## Task goal
Below are some records; quote exactly the lines from the one that contains "lambda_i are the" through the one that contains "taking the real", inclusive, and no others.

## Records
(* Let $B\in\mathbb{C}^{n\times k}$ with $k\le n$ and $\operatorname{rank}(B)=k$, and let $P_*=B(B^{\mathrm{H}}B)^{-1/2}$ be the unique orthonormal polar factor of $B$. Given $P\in\mathbb{C}^{n\times k}$ with $P^{\mathrm{H}}P=I_k$, let $$\eta=\|B\|_{\mathrm{tr}}-\|P^{\mathrm{H}}B\|_{\mathrm{tr}},\qquad \epsilon=\sqrt{\frac{2\eta}{\sigma_{\min}(B)}}.$$ Then $$\frac{\|B-P(P^{\mathrm{H}}B)\|_{\mathrm{F}}}{\|B\|_2}\le\|\sin\Theta({\cal R}(P),{\cal R}(P_* ))\|_{\mathrm{F}}\le\epsilon,$$ and if moreover $\operatorname{rank}(P^{\mathrm{H}}B)=k$, then $$\|PQ-P_*\|_{\mathrm{F}}\le\left(1+\frac{2\|B\|_2}{\sigma_{\min}(B)+\sigma_{\min}(P^{\mathrm{H}}B)}\right)\epsilon,$$ where $Q\in\mathbb{C}^{k\times k}$ is the (unitary) orthonormal polar factor of $P^{\mathrm{H}}B$.
   Context: For a matrix $X$, $X^{\mathrm{H}}$ is its conjugate transpose, ${\cal R}(X)$ its column space, $\|X\|_2$ its largest singular value, $\|X\|_{\mathrm{F}}=\sqrt{\operatorname{tr}(X^{\mathrm{H}}X)}$ its Frobenius norm. For $C\in\mathbb{C}^{m\times k}$ with singular values $\sigma_1(C)\ge\cdots\ge\sigma_k(C)$, $\sigma_{\min}(C)=\sigma_k(C)$ and $\|C\|_{\mathrm{tr}}=\sum_{i=1}^k\sigma_i(C)$ (trace/nuclear norm). A polar decomposition of $C\in\mathbb{C}^{m\times k}$ ($k\le m$) is $C=Q\Lambda$ with $Q^{\mathrm{H}}Q=I_k$ and $\Lambda\succeq0$; $Q$ is an orthonormal polar factor, unique when $\operatorname{rank}(C)=k$. For two $k$-dimensional subspaces ${\cal X}={\cal R}(X)$, ${\cal Y}={\cal R}(Y)$ of $\mathbb{C}^n$ with $X,Y$ having orthonormal columns, the canonical angles are $\theta_i=\arccos\sigma_i(X^{\mathrm{H}}Y)\in[0,\pi/2]$, $i=1,\dots,k$; $\Theta({\cal X},{\cal Y})=\operatorname{diag}(\theta_1,\dots,\theta_k)$ and $\|\sin\Theta({\cal X},{\cal Y})\|_{\mathrm{F}}=\big(\sum_{i=1}^k\sin^2\theta_i\big)^{1/2}$. *)

From mathcomp Require Import all_boot all_order all_algebra.
From mathcomp Require Import complex.
From mathcomp Require Import reals trigo.
Set Implicit Arguments. Unset Strict Implicit. Unset Printing Implicit Defensive.
Import Order.TTheory GRing.Theory Num.Theory.
Local Open Scope ring_scope.
Local Open Scope sesquilinear_scope.

Section Defs.
Variable R : realType.
Local Notation C := R[i].

(* Conjugate transpose X^H is written  X ^t*  (spectral.v, sesquilinear_scope). *)

(* Singular values of X in C^{m x k}: sigma_i(X) = sqrt(lambda_i(X^H X)), where
   lambda_i are the eigenvalues of the Hermitian PSD matrix X^H X given by the
   spectral decomposition of spectral.v (they are real and nonnegative, so
   taking the real part is exact).  The order of the indices is the (unsorted)
   order returned by spectral_diag; all quantities below are order-independent. *)
Definition sv m k (X : 'M[C]_(m, k)) (i : 'I_k) : R :=
  Num.sqrt (complex.Re (spectral_diag (X ^t* *m X) 0 i)).

Definition norm2 m k (X : 'M[C]_(m, k)) : R := \big[Num.max/0]_(i < k) sv X i.

Definition smin m k (X : 'M[C]_(m, k)) : R :=
  \big[Num.min/norm2 X]_(i < k) sv X i.

Definition trnorm m k (X : 'M[C]_(m, k)) : R := \sum_(i < k) sv X i.

Definition frob m k (X : 'M[C]_(m, k)) : R :=
  Num.sqrt (complex.Re (\tr (X ^t* *m X))).

Definition psdmx k (L : 'M[C]_k) : Prop :=
  L ^t* = L /\ forall v : 'cV[C]_k, 0 <= (v ^t* *m L *m v) 0 0.

Definition polar_factor m k (Q X : 'M[C]_(m, k)) : Prop :=
  Q ^t* *m Q = 1%:M /\ exists L : 'M[C]_k, psdmx L /\ X = Q *m L.

(* ||sin Theta(R(X), R(Y))||_F for X, Y with orthonormal columns (orthonormal
   bases of the two subspaces): theta_i = arccos sigma_i(X^H Y). *)
Definition sinThetaF n k (X Y : 'M[C]_(n, k)) : R :=
  Num.sqrt (\sum_(i < k) (sin (acos (sv (X ^t* *m Y) i))) ^+ 2).

End Defs.

(* Write B = P_* L with L = (B^H B)^(1/2) PSD, and let G = C^H C for the cosine
   matrix C = P^H P_*.  Then I - G = P_*^H (I - P P^H) P_* is PSD and
   tr (I - G) = ||sin Theta||_F^2.
   - B - P P^H B = (I - P P^H) P_* L, so its squared Frobenius norm is
     tr ((I - G) L^2) <= ||B||_2^2 tr (I - G).
   - L >= sigma_min(B) gives sigma_min(B) tr (I - G) <= tr L - tr (G L).  The
     trace inequality 2 tr A <= tr L + tr (L^-1 A^2), applied to the PSD square
     root A of (P^H B)^H (P^H B) = L G L, gives 2 ||P^H B||_tr <= tr L + tr (G L);
     since tr L = ||B||_tr, this is sigma_min(B) ||sin Theta||_F^2 <= 2 eta.
   - If P^H B = Q M is a polar decomposition, Z = Q^H C - I solves the Sylvester
     equation Z L + M Z = - L (I - G), and L >= sigma_min(B), M >= sigma_min(P^H B)
     bound ||Z||_F by ||L (I - G)||_F / (sigma_min(B) + sigma_min(P^H B)); finally
     ||P Q - P_*||_F^2 = ||Z||_F^2 + ||sin Theta||_F^2. *)

From mathcomp Require Import all_boot all_order all_algebra.
From mathcomp Require Import complex.
From mathcomp Require Import reals trigo.
From mathcomp Require Import ring lra.
Set Implicit Arguments. Unset Strict Implicit. Unset Printing Implicit Defensive.
Import Order.TTheory GRing.Theory Num.Theory.
Local Open Scope ring_scope.
Local Open Scope sesquilinear_scope.

Section ConjugateTranspose.
Variable C : numClosedFieldType.

Lemma trmxC_mul m n p (A : 'M[C]_(m, n)) (B : 'M[C]_(n, p)) :
  (A *m B)^t* = B^t* *m A^t*.
Proof. by rewrite trmx_mul map_mxM. Qed.

Lemma trmxC_add m n (A B : 'M[C]_(m, n)) : (A + B)^t* = A^t* + B^t*.
Proof. by rewrite linearD /= map_mxD. Qed.

Lemma trmxC_sub m n (A B : 'M[C]_(m, n)) : (A - B)^t* = A^t* - B^t*.
Proof. by rewrite linearB /= map_mxB. Qed.

Lemma trmxC_opp m n (A : 'M[C]_(m, n)) : (- A)^t* = - A^t*.
Proof. by rewrite linearN /= map_mxN. Qed.

Lemma trmxC_scale m n (c : C) (A : 'M[C]_(m, n)) : (c *: A)^t* = c^* *: A^t*.
Proof. by rewrite linearZ /= map_mxZ. Qed.

Lemma trmxC1 n : (1%:M : 'M[C]_n)^t* = 1%:M.
Proof. by rewrite tr_scalar_mx map_scalar_mx /= conjC1. Qed.

Lemma trmxC_gram m n (X : 'M[C]_(m, n)) : (X^t* *m X)^t* = X^t* *m X.
Proof. by rewrite trmxC_mul trmxCK. Qed.

Lemma gram_sub m n (A B : 'M[C]_(m, n)) :
  (A - B)^t* *m (A - B) = A^t* *m A - A^t* *m B - B^t* *m A + B^t* *m B.
Proof.
by rewrite trmxC_sub mulmxBl !mulmxBr opprB addrA addrAC.
Qed.

End ConjugateTranspose.

Section PositiveSemidefinite.
Variable C : numClosedFieldType.

Definition qform n (A : 'M[C]_n) (v : 'cV[C]_n) : C := (v^t* *m A *m v) 0 0.

(* Over [R[i]] this is convertible to [psdmx]. *)
Definition psd n (A : 'M[C]_n) := A^t* = A /\ forall v, 0 <= qform A v.

Lemma qformB n (A M : 'M[C]_n) v : qform (A - M) v = qform A v - qform M v.
Proof. by rewrite /qform mulmxBr mulmxBl [LHS]mxE [X in _ + X]mxE. Qed.

Lemma cV_gram_ge0 m (x : 'cV[C]_m) : 0 <= (x^t* *m x) 0 0.
Proof.
by rewrite !mxE; apply: sumr_ge0 => i _; rewrite !mxE mulrC mul_conjC_ge0.
Qed.

Lemma cV_gram_eq0 m (x : 'cV[C]_m) : (x^t* *m x) 0 0 = 0 -> x = 0.
Proof.
rewrite !mxE => x0; apply/matrixP => i j; rewrite ord1 mxE.
have xi_ge0 (l : 'I_m) : true -> 0 <= (x^t*) 0 l * x l 0.
  by rewrite !mxE mulrC mul_conjC_ge0.
have /eqP := psumr_eq0P xi_ge0 x0 (i := i) isT.
by rewrite !mxE mulrC mul_conjC_eq0 => /eqP.
Qed.

Lemma psd_gram m n (X : 'M[C]_(m, n)) : psd (X^t* *m X).
Proof.
split=> [|v]; first exact: trmxC_gram.
by rewrite /qform !mulmxA -trmxC_mul -mulmxA cV_gram_ge0.
Qed.

Lemma psd_conj m n (A : 'M[C]_m) (X : 'M[C]_(m, n)) :
  psd A -> psd (X^t* *m A *m X).
Proof.
case=> AH A_ge0; split; first by rewrite !trmxC_mul trmxCK AH mulmxA.
by move=> v; have := A_ge0 (X *m v); rewrite /qform trmxC_mul !mulmxA.
Qed.

Lemma psd_diag n (d : 'rV[C]_n) : (forall i, 0 <= d 0 i) -> psd (diag_mx d).
Proof.
move=> d_ge0; split.
  apply/matrixP => i j; rewrite !mxE; case: (eqVneq j i) => [->|_].
    by rewrite !mulr1n conj_Creal // ger0_real.
  by rewrite !mulr0n conjC0.
move=> x; rewrite /qform mul_mx_diag !mxE; apply: sumr_ge0 => i _.
by rewrite !mxE mulrAC mulr_ge0 // mulrC mul_conjC_ge0.
Qed.

Lemma psd_invmx n (A : 'M[C]_n) : psd A -> A \in unitmx -> psd (invmx A).
Proof.
case=> AH A_ge0 Au; have AiH : (invmx A)^t* = invmx A.
  by rewrite trmx_inv map_invmx AH.
split=> // v; have := A_ge0 (invmx A *m v).
by rewrite /qform trmxC_mul AiH -!mulmxA (mulmxA A) mulmxV // mul1mx.
Qed.

End PositiveSemidefinite.

Section Spectral.
Variables (C : numClosedFieldType) (n : nat).
Implicit Types (A K L M N X Z : 'M[C]_n) (c : C).

Lemma spectral_mulmxC A : spectralmx A *m (spectralmx A)^t* = 1%:M.
Proof. exact/unitarymxP/spectral_unitarymx. Qed.

Lemma spectral_mulCmx A : (spectralmx A)^t* *m spectralmx A = 1%:M.
Proof. exact/mulmx1C/spectral_mulmxC. Qed.

Lemma hermitian_spectral A : A^t* = A ->
  A = (spectralmx A)^t* *m diag_mx (spectral_diag A) *m spectralmx A.
Proof.
move=> AH; have /orthomx_spectralP : A \is normalmx by apply/normalmxP; rewrite AH.
by rewrite invmx_unitary // spectral_unitarymx.
Qed.

Lemma psd_spectral A (e : 'rV[C]_n) : (forall i, 0 <= e 0 i) ->
  psd ((spectralmx A)^t* *m diag_mx e *m spectralmx A).
Proof. by move=> e_ge0; apply/psd_conj/psd_diag. Qed.

Definition eigvec A i : 'cV[C]_n := (spectralmx A)^t* *m delta_mx i 0.

Lemma qform_eigvec A M i :
  qform M (eigvec A i) = (spectralmx A *m M *m (spectralmx A)^t*) i i.
Proof.
rewrite /qform /eigvec trmxC_mul trmxCK /= trmx_delta.
rewrite (map_delta_mx (Num.conj : {rmorphism C -> C})).
by rewrite !mulmxA -rowE -colE -!mulmxA -row_mul !mxE.
Qed.

Lemma spectral_diagonalize A : A^t* = A ->
  spectralmx A *m A *m (spectralmx A)^t* = diag_mx (spectral_diag A).
Proof.
move=> AH; rewrite [X in _ *m X *m _](hermitian_spectral AH) !mulmxA.
by rewrite spectral_mulmxC mul1mx -mulmxA spectral_mulmxC mulmx1.
Qed.

Lemma spectral_diagE A i : A^t* = A -> spectral_diag A 0 i = qform A (eigvec A i).
Proof. by move=> AH; rewrite qform_eigvec spectral_diagonalize // mxE eqxx. Qed.

Lemma qform_scalar_eigvec A c i : qform c%:M (eigvec A i) = c.
Proof.
rewrite qform_eigvec mul_mx_scalar -scalemxAl spectral_mulmxC.
by rewrite scalemx1 mxE eqxx.
Qed.

Lemma psd_spectral_diag_ge0 A i : psd A -> 0 <= spectral_diag A 0 i.
Proof. by case=> AH A_ge0; rewrite spectral_diagE. Qed.

Lemma mxtrace_spectral A : A^t* = A -> \tr A = \sum_i spectral_diag A 0 i.
Proof.
move=> AH; rewrite {1}(hermitian_spectral AH) mxtrace_mulC mulmxA.
by rewrite spectral_mulmxC mul1mx mxtrace_diag.
Qed.

Lemma mxtrace_psd_ge0 A : psd A -> 0 <= \tr A.
Proof.
move=> Apsd; rewrite mxtrace_spectral; last by case: Apsd.
by apply: sumr_ge0 => i _; apply: psd_spectral_diag_ge0.
Qed.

## Answer
   lambda_i are the eigenvalues of the Hermitian PSD matrix X^H X given by the
   spectral decomposition of spectral.v (they are real and nonnegative, so
   taking the real part is exact).  The order of the indices is the (unsorted)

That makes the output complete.